An Extract Strategy is a reusable configuration that dictates how data is extracted from documents. It acts as a container for one or more extraction components. Currently, you can configure the following components within a strategy:

  • Visual extraction: useful to extract data from documents that have a visual structure, such as tables, images or forms. It leverages a visual model to understand the layout of the document and extract the data from it.
  • AI tables: extracts data from tables in documents in a smarter way. It uses AI models to understand the structure of the table and extract the data from it. Combined with visual extraction, it can extract data from complex tables that have a visual structure.

Visual extraction

Visual extraction is a component that uses a visual model to understand the layout of the document and extract data from it. It is particularly useful for documents that have a visual structure, such as tables, images or forms. We can enable it without any extra configuration, or it can be customized to our use case using the following parameters:

  • LLM: In this field we can select in generative_model the LLM that will be used to extract the data from the document, and also, if we wanted, we could add the specific credentials for said LLM provider in user_keys.

    warning

    We must make sure to choose a visual LLM.

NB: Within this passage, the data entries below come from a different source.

(* Let $r,d,d_1\in\mathbb{N}$, $s_i\in\mathbb{N}$ for $i\in[r]$. Let $\mathcal{A}=\{\mathbf{a}^1,\dots,\mathbf{a}^r\}\subseteq\mathbb{Z}^d$ be linearly independent with some $\overline{\omega}\in\mathbb{Q}^d$ satisfying $\overline{\omega}\cdot\mathbf{a}^i=1$ for all $i$, and let $\mathcal{B}=\{\mathbf{b}^i_j:i\in[r],j\in[s_i]\}\subseteq\mathbb{Z}^{d_1}$ be a point configuration with a linear map $\pi_1:\mathbb{Z}^{d_1}\to\mathbb{Z}^d$ such that $\pi_1(\mathbf{b}^i_j)=\mathbf{a}^i$ for all $i,j$. Let $w$ be positive weights on $\mathcal{B}$ such that $(\mathcal{B},w)$ has rational linear precision, with blending functions $\{\beta^i_j\}$ satisfying the definition of rational linear precision, and let $P=\operatorname{conv}(\mathcal{B})$. For $i\in[r]$ let $P^i=\operatorname{conv}\{\mathbf{b}^i_j: j\in[s_i]\}$. Then for all $\mathbf{p}\in P^i$, \[\sum_{j\in[s_i]}\beta^i_j(\mathbf{p})=1.\]
   Context: Scaled projective toric variety: for a finite point configuration $\mathcal{S}\subseteq\mathbb{Z}^n$ with positive weights $w=(w_{\mathbf{s}})$, $X_{\mathcal{S},w}$ is the Zariski closure of the image of $(\mathbb{C}^* )^n\to\mathbb{P}^{|\mathcal{S}|-1}$, $\mathbf{t}\mapsto[w_{\mathbf{s}}\mathbf{t}^{\mathbf{s}}]_{\mathbf{s}\in\mathcal{S}}$ (a row of ones is appended to the matrix of points if the all-ones vector is not in its row span). Rational linear precision: $(\mathcal{S},w)$, with $\Pi=\operatorname{conv}(\mathcal{S})$, has rational linear precision if there are rational functions $\{\hat\beta_{\mathbf{s}}\}_{\mathbf{s}\in\mathcal{S}}$ on $\mathbb{C}^n$ (blending functions) such that (1) $\sum_{\mathbf{s}}\hat\beta_{\mathbf{s}}=1$; (2) $(\hat\beta_{\mathbf{s}})_{\mathbf{s}}:\mathbb{C}^n\dashrightarrow X_{\mathcal{S},w}$ is a rational parametrization of $X_{\mathcal{S},w}$; (3) for every $\mathbf{p}$ in the relative interior of $\Pi$, each $\hat\beta_{\mathbf{s}}(\mathbf{p})$ is defined and a nonnegative real number; (4) $\sum_{\mathbf{s}}\hat\beta_{\mathbf{s}}(\mathbf{p})\,\mathbf{s}=\mathbf{p}$ for all $\mathbf{p}\in\Pi$. *)

From HB Require Import structures.
From mathcomp Require Import all_boot all_order all_algebra.
From mathcomp Require Import complex.
From mathcomp Require Import mpoly.

Set Implicit Arguments.
Unset Strict Implicit.
Unset Printing Implicit Defensive.

Import Order.TTheory GRing.Theory Num.Theory.
Local Open Scope ring_scope.

(* A rational function is represented by a numerator/denominator pair of    *)
(* polynomials (denominator nonzero); two pairs represent the same rational *)
(* function when they are cross-multiplication equal.                       *)

Record ratfun (R : rcfType) (n : nat) :=
  RatFun { rf_num : {mpoly R[i][n]}; rf_den : {mpoly R[i][n]} }.

Definition rf_wf (R : rcfType) (n : nat) (f : ratfun R n) : Prop :=
  rf_den f != 0.

Definition rf_eq (R : rcfType) (n : nat) (f g : ratfun R n) : Prop :=
  rf_num f * rf_den g = rf_num g * rf_den f.

Definition rf_add (R : rcfType) (n : nat) (f g : ratfun R n) : ratfun R n :=
  RatFun (rf_num f * rf_den g + rf_num g * rf_den f) (rf_den f * rf_den g).

Definition rf_zero (R : rcfType) (n : nat) : ratfun R n := RatFun 0 1.
Definition rf_one (R : rcfType) (n : nat) : ratfun R n := RatFun 1 1.

(* [rf_value f x v] : the rational function f is defined (regular) at the
   point x of C^n and its value there is v, i.e. f admits a representative
   a/b with b(x) <> 0 and v = a(x)/b(x). *)
Definition rf_value (R : rcfType) (n : nat) (f : ratfun R n)
    (x : 'I_n -> R[i]) (v : R[i]) : Prop :=
  exists (a b : {mpoly R[i][n]}),
    [/\ b != 0, a * rf_den f = rf_num f * b, b.@[x] != 0 & v = a.@[x] / b.@[x]].

Definition intpt (R : rcfType) (n : nat) (s : 'rV[int]_n) : 'rV[R]_n :=
  map_mx (fun z : int => z%:~R) s.

Definition realpt (R : rcfType) (n : nat) (p : 'rV[R]_n) : 'I_n -> R[i] :=
  fun k => (p 0 k)%:C%C.

Definition in_conv (R : rcfType) (n : nat) (I : finType) (S : I -> 'rV[R]_n)
    (p : 'rV[R]_n) : Prop :=
  exists lam : I -> R,
    [/\ forall t, 0 <= lam t, \sum_t lam t = 1 & p = \sum_t lam t *: S t].

Definition in_aff (R : rcfType) (n : nat) (I : finType) (S : I -> 'rV[R]_n)
    (q : 'rV[R]_n) : Prop :=
  exists lam : I -> R, \sum_t lam t = 1 /\ q = \sum_t lam t *: S t.

Definition in_relint (R : rcfType) (n : nat) (I : finType) (S : I -> 'rV[R]_n)
    (p : 'rV[R]_n) : Prop :=
  in_conv S p /\
  exists e : R, 0 < e /\
    forall q, in_aff S q -> (forall k, `|q 0 k - p 0 k| < e) -> in_conv S q.

(* The scaled projective toric variety X_{S,w} in P^{|S|-1}.                *)
(* Homogeneous coordinates are indexed by T (the index type of the point    *)
(* configuration, injectively indexed); polynomials on C^{|T|} are          *)
(* {mpoly R[i][#|T|]} and coordinate k corresponds to enum_val k.           *)
(* The Zariski closure of the image of the torus in P^{|S|-1} is described  *)
(* by its ideal: the polynomials vanishing on the affine cone over the      *)
(* image.  A rational map into X is a rational parametrization of X iff the *)
(* Zariski closure of its image equals X, i.e. iff a polynomial vanishes on *)
(* the cone over its image exactly when it vanishes on the cone over the    *)
(* torus image.                                                             *)

Definition coords (R : rcfType) (T : finType) (x : T -> R[i]) : 'I_#|T| -> R[i] :=
  fun k => x (enum_val k).

(* the point  lam * (w_s t^s)_s  of the affine cone over the torus image *)
Definition toric_pt (R : rcfType) (n : nat) (T : finType) (S : T -> 'rV[int]_n)
    (w : T -> R) (lam : R[i]) (t : 'I_n -> R[i]) : T -> R[i] :=
  fun s => lam * (w s)%:C%C * \prod_(k < n) t k ^ (S s 0 k).

Definition vanishes_on_toric (R : rcfType) (n : nat) (T : finType)
    (S : T -> 'rV[int]_n) (w : T -> R) (f : {mpoly R[i][#|T|]}) : Prop :=
  forall (lam : R[i]) (t : 'I_n -> R[i]),
    lam != 0 -> (forall k, t k != 0) -> f.@[coords (toric_pt S w lam t)] = 0.

Definition vanishes_on_image (R : rcfType) (n : nat) (T : finType)
    (beta : T -> ratfun R n) (f : {mpoly R[i][#|T|]}) : Prop :=
  forall (lam : R[i]) (x : 'I_n -> R[i]) (v : T -> R[i]),
    lam != 0 -> (forall s, rf_value (beta s) x (v s)) ->
    f.@[coords (fun s => lam * v s)] = 0.

Definition rational_parametrization (R : rcfType) (n : nat) (T : finType)
    (S : T -> 'rV[int]_n) (w : T -> R) (beta : T -> ratfun R n) : Prop :=
  forall f : {mpoly R[i][#|T|]},
    vanishes_on_toric S w f <-> vanishes_on_image beta f.

(* S is a point configuration injectively indexed by the finite type T.     *)

Definition has_RLP (R : rcfType) (n : nat) (T : finType)
    (S : T -> 'rV[int]_n) (w : T -> R) (beta : T -> ratfun R n) : Prop :=
  [/\
      forall s, rf_wf (beta s),
      rf_eq (\big[@rf_add R n/rf_zero R n]_s beta s) (rf_one R n),
      rational_parametrization S w beta,
      (forall p : 'rV[R]_n, in_relint (fun s => intpt R (S s)) p ->
         forall s, exists x : R, 0 <= x /\ rf_value (beta s) (realpt p) (x%:C%C))
    &
      (forall p : 'rV[R]_n, in_conv (fun s => intpt R (S s)) p ->
         exists v : T -> R[i],
           (forall s, rf_value (beta s) (realpt p) (v s)) /\
           (forall k, \sum_s v s * ((S s 0 k)%:~R) = realpt p k))].

(* A point p of P^i lies in P, so linear precision gives p = sum_x beta_x(p) b_x.
   Applying pi_1, which is constant equal to a^i on P^i, yields
   sum_i' (sum_j beta^i'_j(p)) a^i' = a^i, and linear independence of the a^i'
   (over Q, hence over C) forces the coefficient of a^i to be 1. *)
From HB Require Import structures.
From mathcomp Require Import all_boot all_order all_algebra.
From mathcomp Require Import complex.
From mathcomp Require Import mpoly.

Import Order.TTheory GRing.Theory Num.Theory.
Local Open Scope ring_scope.

Lemma in_conv_comp {R : rcfType} {n : nat} {I J : finType} {S : I -> 'rV[R]_n}
    {f : J -> I} {p : 'rV[R]_n} :
  in_conv (S \o f) p -> in_conv S p.
Proof.
case=> lam [lam_ge0 lam_sum1 ->].
exists (fun x => \sum_(j | f j == x) lam j); split.
- by move=> x; apply: sumr_ge0 => j _; apply: lam_ge0.
- by rewrite -lam_sum1 (partition_big f xpredT).
- rewrite (partition_big f xpredT) //=; apply: eq_bigr => x _.
  by rewrite scaler_suml; apply: eq_bigr => j /eqP <-.
Qed.

Lemma in_conv_mulmx {R : rcfType} {n m : nat} {I : finType} {S : I -> 'rV[R]_n}
    {M : 'M[R]_(n, m)} {q : 'rV[R]_m} {p : 'rV[R]_n} :
  in_conv S p -> (forall t, S t *m M = q) -> p *m M = q.
Proof.
case=> lam [_ lam_sum1 ->] SM.
rewrite mulmx_suml (eq_bigr (fun t => lam t *: q)) => [|t _]; last first.
  by rewrite -scalemxAl SM.
by rewrite -scaler_suml lam_sum1 scale1r.
Qed.

Lemma row_free_indep (F : fieldType) (m n : nat) (A : 'M[F]_(m, n)) :
  (forall c : 'I_m -> F, \sum_i c i *: row i A = 0 -> forall i, c i = 0) ->
  row_free A.
Proof.
move=> indep; rewrite -kermx_eq0; apply/eqP/row_matrixP => k; rewrite row0.
apply/rowP => j; rewrite [RHS]mxE; move: j; apply: indep.
by rewrite -mulmx_sum_row -row_mul mulmx_ker row0.
Qed.

Lemma row_free_coef_eq1 {F : fieldType} {m n : nat} {A : 'M[F]_(m, n)}
    {c : 'I_m -> F} {k : 'I_m} :
  row_free A -> \sum_i c i *: row i A = row k A -> c k = 1.
Proof.
move=> freeA comb; apply/eqP; rewrite -subr_eq0; apply/eqP.
have /(row_free_inj freeA) : (\row_i c i - delta_mx 0 k) *m A = 0 *m A.
  rewrite mulmxBl mulmx_sum_row -rowE -comb mul0mx; apply/eqP; rewrite subr_eq0.
  by apply/eqP/eq_bigr => i _; rewrite mxE.
by move/rowP/(_ k); rewrite !mxE !eqxx.
Qed.

Lemma map_mx_rmorph_intr {R S : pzRingType} (f : {rmorphism R -> S}) {m n : nat}
    (M : 'M[int]_(m, n)) :
  map_mx f (map_mx intr M) = map_mx intr M.
Proof. by rewrite -map_mx_comp; apply/matrixP => i j; rewrite !mxE /= rmorph_int. Qed.

Lemma row_free_int_rows (F : numFieldType) {r d : nat} {a : 'I_r -> 'rV[int]_d} :
  (forall c : 'I_r -> rat,
      \sum_i c i *: map_mx (fun z : int => z%:~R) (a i) = 0 -> forall i, c i = 0) ->
  row_free (map_mx intr (\matrix_i a i) : 'M[F]_(r, d)).
Proof.
move=> indep.
rewrite -(map_mx_rmorph_intr (@ratr F)) row_free_map; apply: row_free_indep => c.
by under eq_bigr do rewrite -map_row rowK; apply: indep.
Qed.

Theorem lemma3p4 (R : rcfType) (r d d1 : nat) (s : 'I_r -> nat)
    (a : 'I_r -> 'rV[int]_d)
    (b : {i : 'I_r & 'I_(s i)} -> 'rV[int]_d1)
    (w : {i : 'I_r & 'I_(s i)} -> R)
    (beta : {i : 'I_r & 'I_(s i)} -> ratfun R d1) :
  (* A = {a^1, ..., a^r} is linearly independent (over Q) *)
  (forall c : 'I_r -> rat,
      \sum_i c i *: map_mx (fun z : int => z%:~R) (a i) = 0 -> forall i, c i = 0) ->
  (* some omega in Q^d with omega . a^i = 1 for all i *)
  (exists omega : 'rV[rat]_d,
      forall i, \sum_(k < d) omega 0 k * (a i 0 k)%:~R = 1) ->
  (* B = {b^i_j} is a point configuration (injectively indexed) *)
  injective b ->
  (* a linear map pi_1 : Z^{d1} -> Z^d with pi_1(b^i_j) = a^i *)
  (exists pi1 : 'M[int]_(d1, d), forall i (j : 'I_(s i)), b (existT _ i j) *m pi1 = a i) ->
  (* positive weights *)
  (forall t, 0 < w t) ->
  (* (B, w) has rational linear precision with blending functions beta *)
  has_RLP b w beta ->
  forall (i : 'I_r) (p : 'rV[R]_d1),
    in_conv (fun j : 'I_(s i) => intpt R (b (existT _ i j))) p ->
    exists v : 'I_(s i) -> R[i],
      (forall j, rf_value (beta (existT _ i j)) (realpt p) (v j)) /\
      \sum_j v j = 1.
Proof.
move=> indep _ _ [pi1 b_pi1] _ [_ _ _ _ precision] i p p_in_Pi.
have [v [v_val v_bary]] := precision p (in_conv_comp p_in_Pi).
exists (fun j => v (existT _ i j)); split => //.
have pi1_p : p *m map_mx intr pi1 = intpt R (a i).
  by apply: (in_conv_mulmx p_in_Pi) => j; rewrite -map_mxM b_pi1.
have p_bary : \sum_x v x *: map_mx intr (b x) = map_mx (real_complex R) p.
  apply/rowP => k; rewrite summxE mxE -[RHS]/(realpt p k) -v_bary.
  by apply: eq_bigr => x _; rewrite !mxE.
apply: (row_free_coef_eq1 (c := fun i' => \sum_(j < s i') v (existT _ i' j)) (k := i)
                          (row_free_int_rows R[i] indep)).
rewrite -map_row rowK.
under eq_bigr do rewrite -map_row rowK scaler_suml.
rewrite (sig_big_dep (fun _ => true) (fun _ _ => true)
           (fun i' (j : 'I_(s i')) => v (existT _ i' j) *: map_mx intr (a i'))) /=.
rewrite (eq_bigr (fun x => (v x *: map_mx intr (b x)) *m map_mx intr pi1)); last first.
  by case=> i' j _; rewrite /= -scalemxAl -map_mxM b_pi1.
rewrite -mulmx_suml p_bary -(map_mx_rmorph_intr (real_complex R) pi1) -map_mxM pi1_p.
exact: (map_mx_rmorph_intr (real_complex R)).
Qed.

  • RULES: In this field we can define the rules that will be used to extract the data from the document. The rules should be defined using natural language, and they will be used to guide the visual model in extracting the data from the document. For example, we can define rules such as "describe the images in the documents as if you were an expert in the field of electronics" or "extract the data from the tables in the document and present it in a structured format".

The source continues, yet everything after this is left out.